CMN As I understand it the US court system also makes extensive use of the
term "reasonable". At least that's what W3C's lawyers told me. The rest of
that discussion goes into a lot of detail that I claim is entirely irrelevant
- the point is just that there are different approaches, and a commmon one is
to use terms like "reasonable".

  I've heard Doug Wakefield (Access Board) say that they dropped WCAG 1.0
  P1 Checkpoint 14.1 (Use the clearest and simplest language appropriate
  for a site's content) because it was too ambiguous.  I would guess that
  "reasonable judgement" does not enter frequently into our court system!
  I understand we have a world wide reputation for litigation.

  Speaking of which, I can't believe your guy only got $20,000 out of IBM.
  <http://www.contenu.nu/socog.html#update>  That's less than the correction
  would have cost, so I guess IBM made the financially sound decision!
  Except, I would guess that others could press for the same amount.  Do you
  have class action lawsuits in Australia?  Have you heard if Maguire got any
  of that money yet?  Last I checked, www.olympics.com still flagged errors in

CMN - this gets way off topic for the list...

Well, he didn't get anything out of IBM because they were not defending the
case. They did a contract job for someone, and as I understand it, they did
what the contract required. Although it might be argued in future that they
should have provided accessibility as a matter of course, in this case
(remember this is the first case anyone has found, so there is no precedent
for it) the contractor was held responsible for the service they provided.

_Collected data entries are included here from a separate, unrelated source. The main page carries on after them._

Lemma mxdirect_sum_capmx (W : 'M_n) : mxdirect (\sum_(i < N) (W :&: V i)).
Proof.
apply/mxdirect_sumsP => i _; apply/eqP; rewrite -submx0.
rewrite -[X in (_ <= X)%MS](mxdirect_sumsP mxdirect_geigenspace i) //.
by apply: capmxS; [apply: capmxSr | apply: sumsmxS => j _; apply: capmxSr].
Qed.

Lemma sum_capmx_invariant (W : 'M_n) :
    (W <= \sum_(i < N) (W :&: V i))%MS ->
    (forall i : 'I_N, invariant_in (V i) B P (W :&: V i)%MS) ->
  invariant_in 1%:M B P W.
Proof.
move=> W_sum W_inv g g_aut.
apply: submx_trans (submxMr g W_sum) _; rewrite sumsmxMr.
apply/sumsmx_subP => i _; apply: submx_trans (capmxSl _ (V i)).
exact: W_inv (aut_on1_kermxpoly _ g_aut).
Qed.

Theorem invariant_decomp : (2%:R : K) != 0 -> invariant_decomp_statement B P qs.
Proof.
move=> two_neq0 W.
rewrite (big_nth 0) big_mkord [X in (_ = X)%N](big_nth 0) big_mkord.
under eq_bigr => i _ do rewrite gen_eigenspaceE.
under [X in (_ = X)%N]eq_bigr => i _ do rewrite gen_eigenspaceE.
split=> [W_inv | [/andP[W_sum _] _ W_inv]].
- have W_eq : (W == \sum_(i < N) (W :&: V i))%MS.
    by rewrite invariant_sub_sum_capmx //; apply/sumsmx_subP => i _; apply: capmxSl.
  split=> //; first by rewrite (eqmx_rank W_eq) (mxdirectP (mxdirect_sum_capmx W)).
  move=> q /(nthP 0)[i i_lt <-]; rewrite gen_eigenspaceE.
  exact: invariant_in_geigenspace (Ordinal i_lt) W W_inv.
- apply: sum_capmx_invariant => // i.
  by have := W_inv _ (mem_nth 0 (ltn_ord i)); rewrite gen_eigenspaceE.
Qed.

End GeneralizedEigenspaces.
Lemma tuple_flow_inj N : injective (@tuple_flow N).
Proof.
move=> t t' tt'; apply: eq_from_tnth => i; apply/val_inj/eqP.
by rewrite -(eqr_nat R) -!tuple_flow_source tt'.
Qed.

Lemma tuple_flow_nat N (t : k.+1.-tuple 'I_N.+1) e : tuple_flow t 0 e \is a Num.nat.
Proof. by rewrite summxE rpred_sum // => j _; rewrite mxE rpredM ?natr_nat ?unit_flow_nat. Qed.

Lemma netflow_tuple_flow N (t : k.+1.-tuple 'I_N.+1) v :
  netflow v (tuple_flow t) = (\sum_(i <- t) (i : nat))%:R * unit_netflow v.
Proof.
rewrite linear_sum big_tuple natr_sum mulr_suml; apply: eq_bigr => j _.
by rewrite linearZ /= netflow_unit_flow ?ee_src.
Qed.

Lemma scaled_int_flowP N f :
  flow_polytope src tgt (fun v => N%:R * unit_netflow v) f /\ intvec f <->
  exists2 t, t \in compositions N & f = tuple_flow t.
Proof.
split=> [[[f_ge0 f_net] f_int]|[t /[!inE] /eqP t_sum ->]]; last first.
  split; last by move=> e; apply/intr_nat/tuple_flow_nat.
  split=> [e|v]; first exact/natr_ge0/tuple_flow_nat.
  by rewrite -/(netflow v _) netflow_tuple_flow t_sum.
have f_nat e : f 0 e \is a Num.nat by rewrite natrEint f_int f_ge0.
have sum_f : \sum_j f 0 (ee j) = N%:R.
  rewrite -sum_source_edges -(netflow_source src_lt_tgt) /netflow.
  by rewrite (f_net ord0) unit_netflow_source mulr1.
have f_lt j : (Num.truncn (f 0%R (ee j)) < N.+1)%N.
  rewrite ltnS -(ler_nat R) truncnK // -sum_f (bigD1 j) //= lerDl.
  by apply: sumr_ge0 => j' _.
pose t := [tuple (inord (Num.truncn (f 0 (ee j))) : 'I_N.+1) | j < k.+1].
have tE j : (tnth t j : nat)%:R = f 0 (ee j) by rewrite tnth_mktuple inordK ?truncnK.
exists t.
  by rewrite inE -(eqr_nat R) big_tuple natr_sum (eq_bigr _ (fun j _ => tE j)) sum_f.
rewrite [LHS]conservative_unit_flows => [|w w_int]; last first.
  by rewrite /netflow (f_net w) unit_netflow_internal ?mulr0.
by apply: eq_bigr => j _; rewrite tE.
Qed.

Lemma grid_pointE N u : (0 < N)%N ->
  let p0 := lattice_origin S in
  intvec u /\ dirspace S u /\ S (p0 + N%:R^-1 *: u) <->
  flow_polytope src tgt (fun v => N%:R * unit_netflow v) (N%:R *: p0 + u) /\
  intvec (N%:R *: p0 + u).
Proof.
move=> N_gt0 p0; have [p0_aff p0_int] := lattice_origin_unit.
have N_pos : 0 < N%:R :> R by rewrite ltr0n.
have scaleE : N%:R *: p0 + u = N%:R *: (p0 + N%:R^-1 *: u).
  by rewrite scalerDr scalerA divff ?pnatr_eq0 -?lt0n // scale1r.
have Np0_int e : (N%:R *: p0) 0 e \is a Num.int by rewrite mxE rpredM ?natr_int.
split=> [[u_int [_ Sx]]|[Pz z_int]].
  by split=> [|e]; [rewrite scaleE flow_polytopeZ | rewrite mxE rpredD].
have u_int : intvec u by move=> e; have := z_int e; rewrite mxE rpredDl.
split=> //; split; last by apply/(flow_polytopeZ _ _ _ _ N_pos); rewrite -scaleE.
apply/dirspaceP => v; have := netflow_polytope v Pz.
rewrite linearD linearZ /= (affine_hull_netflow v p0_aff).
by move/(canRL (addKr _)) ->; rewrite addNr.
Qed.

Lemma grid_set N : (0 < N)%N ->
  [set u | intvec u /\ dirspace S u /\ S (lattice_origin S + N%:R^-1 *: u)] =
  [set` [fset tuple_flow t - N%:R *: lattice_origin S | t in compositions N]%fset].
Proof.
move=> N_gt0; apply/seteqP; split=> u /=.
  move=> /(grid_pointE u N_gt0)/scaled_int_flowP [t t_comp tE].
  by apply/imfsetP; exists t => //; rewrite -tE addrAC subrr add0r.
move=> /imfsetP [t t_comp ->]; apply/(grid_pointE _ N_gt0)/scaled_int_flowP.
by exists t; rewrite // addrC subrK.
Qed.

Lemma grid_count_unit N : (0 < N)%N -> grid_count S N = 'C(k + N, k).
Proof.
move=> N_gt0; rewrite /grid_count grid_set // set_fsetK.
rewrite card_imfset => [|t t' /addIr/tuple_flow_inj //].
rewrite -card_ord_partitions cardE; apply/perm_size/uniq_perm => [||t].
- exact: enum_finmem_uniq.
- exact: enum_uniq.
- by rewrite enum_finmemE.
Qed.

Lemma normvol_unit : normvol S = 1.
Proof.
rewrite /normvol affdim_unit.
suff -> : relvol S = (k`!%:R)^-1 by rewrite divff // pnatr_eq0 -lt0n fact_gt0.
apply: cvg_lim => //; rewrite affdim_unit -cvg_shiftS.
rewrite (_ : (fun N => _) = fun N => 'C(k + N.+1, k)%:R / N.+1%:R ^+ k : R).
  by rewrite (cvg_shiftS (fun N => 'C(k + N, k)%:R / N%:R ^+ k : R)); apply: cvg_binom_expn.
by apply/funext => N; rewrite /= grid_count_unit.
Qed.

I don't know whether money has changed hands yet or not. There are class
action lawsuits in Australia. The amount of $20 000 was assessed as a
monetary figure appropriate to compensate the actual damage of not being able
to follow the olympics - as far as I recall it does not comprise any punitive
damages. But careful fact checking may show I am wrong.

One of the expert witnesses produced a version of the site which he said took
him a couple of hours to build, and which had the required corrections. The
amount claimed by SOCOG as the cost of correcting the site was rejected in
the decision as having no credibility. The real cost is however a matter of
conjecture, since it wasn't done.

I don't know what errors Bobby finds, but I think it is worth noting that IBM
also produced the site for the Australian Open Tennis Championship last year,
and that site provided live up to date scores and so on, but as far as I
could tell without any of the access problems that the olympics site had.
(You would have to ask them what it cost to do it).